Sunday, 26 June 2016

The aftermath

The best thing to happen to me in the last week, is that I went to Fracture Clinic on Wednesday and they gave me a boot!


I can now stand and walk without crutches!  I am mobile again.  Yay!  Can't drive until after my next Fracture Clinic appointment on 20th July, though.

The worst thing that happened?  Well, unless you've been living under a media blackout, you can probably guess what it is: Britain voted to leave the EU.  

Brexit.  What an absolute economic disaster. My fellow residents of the U.K. voted for a recession.  They voted for the Pound to tank against other currencies.  They voted for the price of petrol to increase.  They voted for inward investment to cease.  They voted for jobs and manufacturing to transfer to other parts of Europe.  They voted for food prices to double.  

Woah there!  I can hear my Australian and American friends going "Hang on.... Food prices to double?"  It doesn't sound comprehensible, does it?  The fact of the matter is that Britain has not been self-sufficient in food since before the First World War.  And I'm not talking grain.  Prior to WW2, Britain imported 60% of its fresh produce.  It still does. The vast majority of what goes on most people's tables comes from other parts of the EU.  Another slab comes from as far afield as Kenya (strawberries) or Egypt (potatoes).  Go food shopping in a supermarket in France or Spain or the Netherlands and you'll be hard pressed to find any produce that wasn't grown "in country" - the reverse is true here. 
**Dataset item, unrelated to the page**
(* For each $n\in\mathbb N$ let $X_n=\{x_1^n,x_2^n\}$ be a two-point set with metric $d_n(x_1^n,x_2^n)=n$, and put $\alpha_n=\tfrac12$ if $n$ is even, $\alpha_n=\tfrac13$ if $n$ is odd. Define $M_n(x_i^n,x_j^n,0)=0$ and, for $t>0$, $M_n(x_i^n,x_j^n,t)=\alpha_n$ if $t\le d_n(x_i^n,x_j^n)$ and $M_n(x_i^n,x_j^n,t)=1$ if $t>d_n(x_i^n,x_j^n)$. Then each $(X_n,M_n,\cdot)$ (product $t$-norm) is a compact non-Archimedean fuzzy metric space, and the sequence $\{(X_n,M_n,\cdot)\}_n$ satisfies: (1) the constant function $C(s)=\tfrac13$ satisfies $0<C(s)\le\mathrm{diam}_s(X_n)$ for all $s>0$, $n\in\mathbb N$; (2) $\mathrm{Cov}(X_n,\varepsilon,t)\le 2$ for all $t>0$, $0<\varepsilon<1$, $n$; (3) for $t=\tfrac12$ and any $n,m$ with $n=2m$ and any $s$ with $m<s<n$, one has $M_n(x_1^n,x_2^n,s)<M_m(x_1^m,x_2^m,s)$ but $\dfrac{M_n(x_1^n,x_2^n,s)}{M_m(x_1^m,x_2^m,s)}<\dfrac{M_n(x_1^n,x_2^n,t)}{M_m(x_1^m,x_2^m,t)}$; and (4) $\{(X_n,M_n,\cdot)\}_n$ has no subsequence that is Cauchy with respect to $M_{GH}$.
   Context: A fuzzy metric space $(X,M,\cdot)$ with the product $t$-norm: $M:X\times X\times[0,\infty)\to[0,1]$ with, for all $x,y,z$ and $t,s>0$: (KM1) $M(x,y,0)=0$; (KM2) $M(x,y,t)=1$ for all $t>0$ iff $x=y$; (KM3) symmetry; (KM4) $M(x,y,t)\cdot M(y,z,s)\le M(x,z,t+s)$; (KM5) $M(x,y,\cdot)$ left continuous on $[0,\infty)$. Non-Archimedean: $M(x,z,\max\{t,s\})\ge M(x,y,t)\cdot M(y,z,s)$. Balls $B(x,\varepsilon,t)=\{y: M(x,y,t)>1-\varepsilon\}$ generate the topology. $H_M(A,B,t)=\min\{\inf_{a\in A}\sup_{b\in B}M(a,b,t),\ \inf_{b\in B}\sup_{a\in A}M(a,b,t)\}$. A fuzzy metric on $X\sqcup Y$ is admissible if it restricts to the given ones on $X$ and $Y$; $M_{GH}(X,Y,t)=\sup\{H_M(X,Y,t): M$ admissible non-Archimedean fuzzy metric on $X\sqcup Y$ with the product $t$-norm$\}$. A sequence $(X_n)$ is Cauchy w.r.t. $M_{GH}$ if for every $t>0$, $0<\varepsilon<1$ there is $n_0$ with $M_{GH}(X_n,X_m,t)>1-\varepsilon$ for all $n,m\ge n_0$. $\mathrm{Cov}(X,\varepsilon,t)$ is the minimal cardinality of $C\subseteq X$ with $X=\bigcup_{c\in C}B(c,\varepsilon,t)$; $\mathrm{diam}_s(X)=\inf\{M(x,y,s):x,y\in X\}$. *)

From Stdlib Require Import Reals Lra List Bool.
From Coquelicot Require Import Coquelicot.
Open Scope R_scope.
Well, say the Brexitiers, at least we won't be wasting money on the Common Agricultural Policy, subsidising farmers to produce butter mountains.  It's an expensive waste of money, isn't it? Throughout the years I have lived in the UK, I have heard stories/complaints about the Common Agricultural policy:  the butter mountains; the inefficiencies (keeping small farms alive instead of allowing them to go to the wall and be absorbed into agribusiness conglomerations); the abuses (Italy claiming to have more land producing tomatoes than its entire landmass); paying farmers to leave land fallow (so that biodiversity is preserved), etc...  

I have always thought that they missed the point: the reason the Common Agricultural Policy exists in the first place is food security.  It was devised when the memories of the famines and food shortages that followed WW2 were fresh in people's minds.  People remembered starving. They starved before and during the War too.  Germany remembered the great inflation of the 1920's, when the price of bread could double within an hour.  France, Belgium and the Netherlands remembered starving during the War too, when the occupying Nazis employed the policy of feeding their war machine first, Der Vaterland second and the plebs third.  With starvation fresh in your memory, wouldn't you subsidise farming to ensure food security?

I fully expect food prices to double in the next two years. Mark my words.  It won't just be due to the Pound falling in value against the Euro, either.   Britain is dependent on Europe for most of its foodstuffs.  Right now, the other nations in the EU sell food to us on the same basis as they sell it internally - no tariffs; no additional taxes.  Now, they will have a choice:  sell internally to the other 26 countries, or put a tariff on and sell to the UK, who desperately want your food and are ripe to be milked...

Britain needs the EU far more than the EU needs Britain.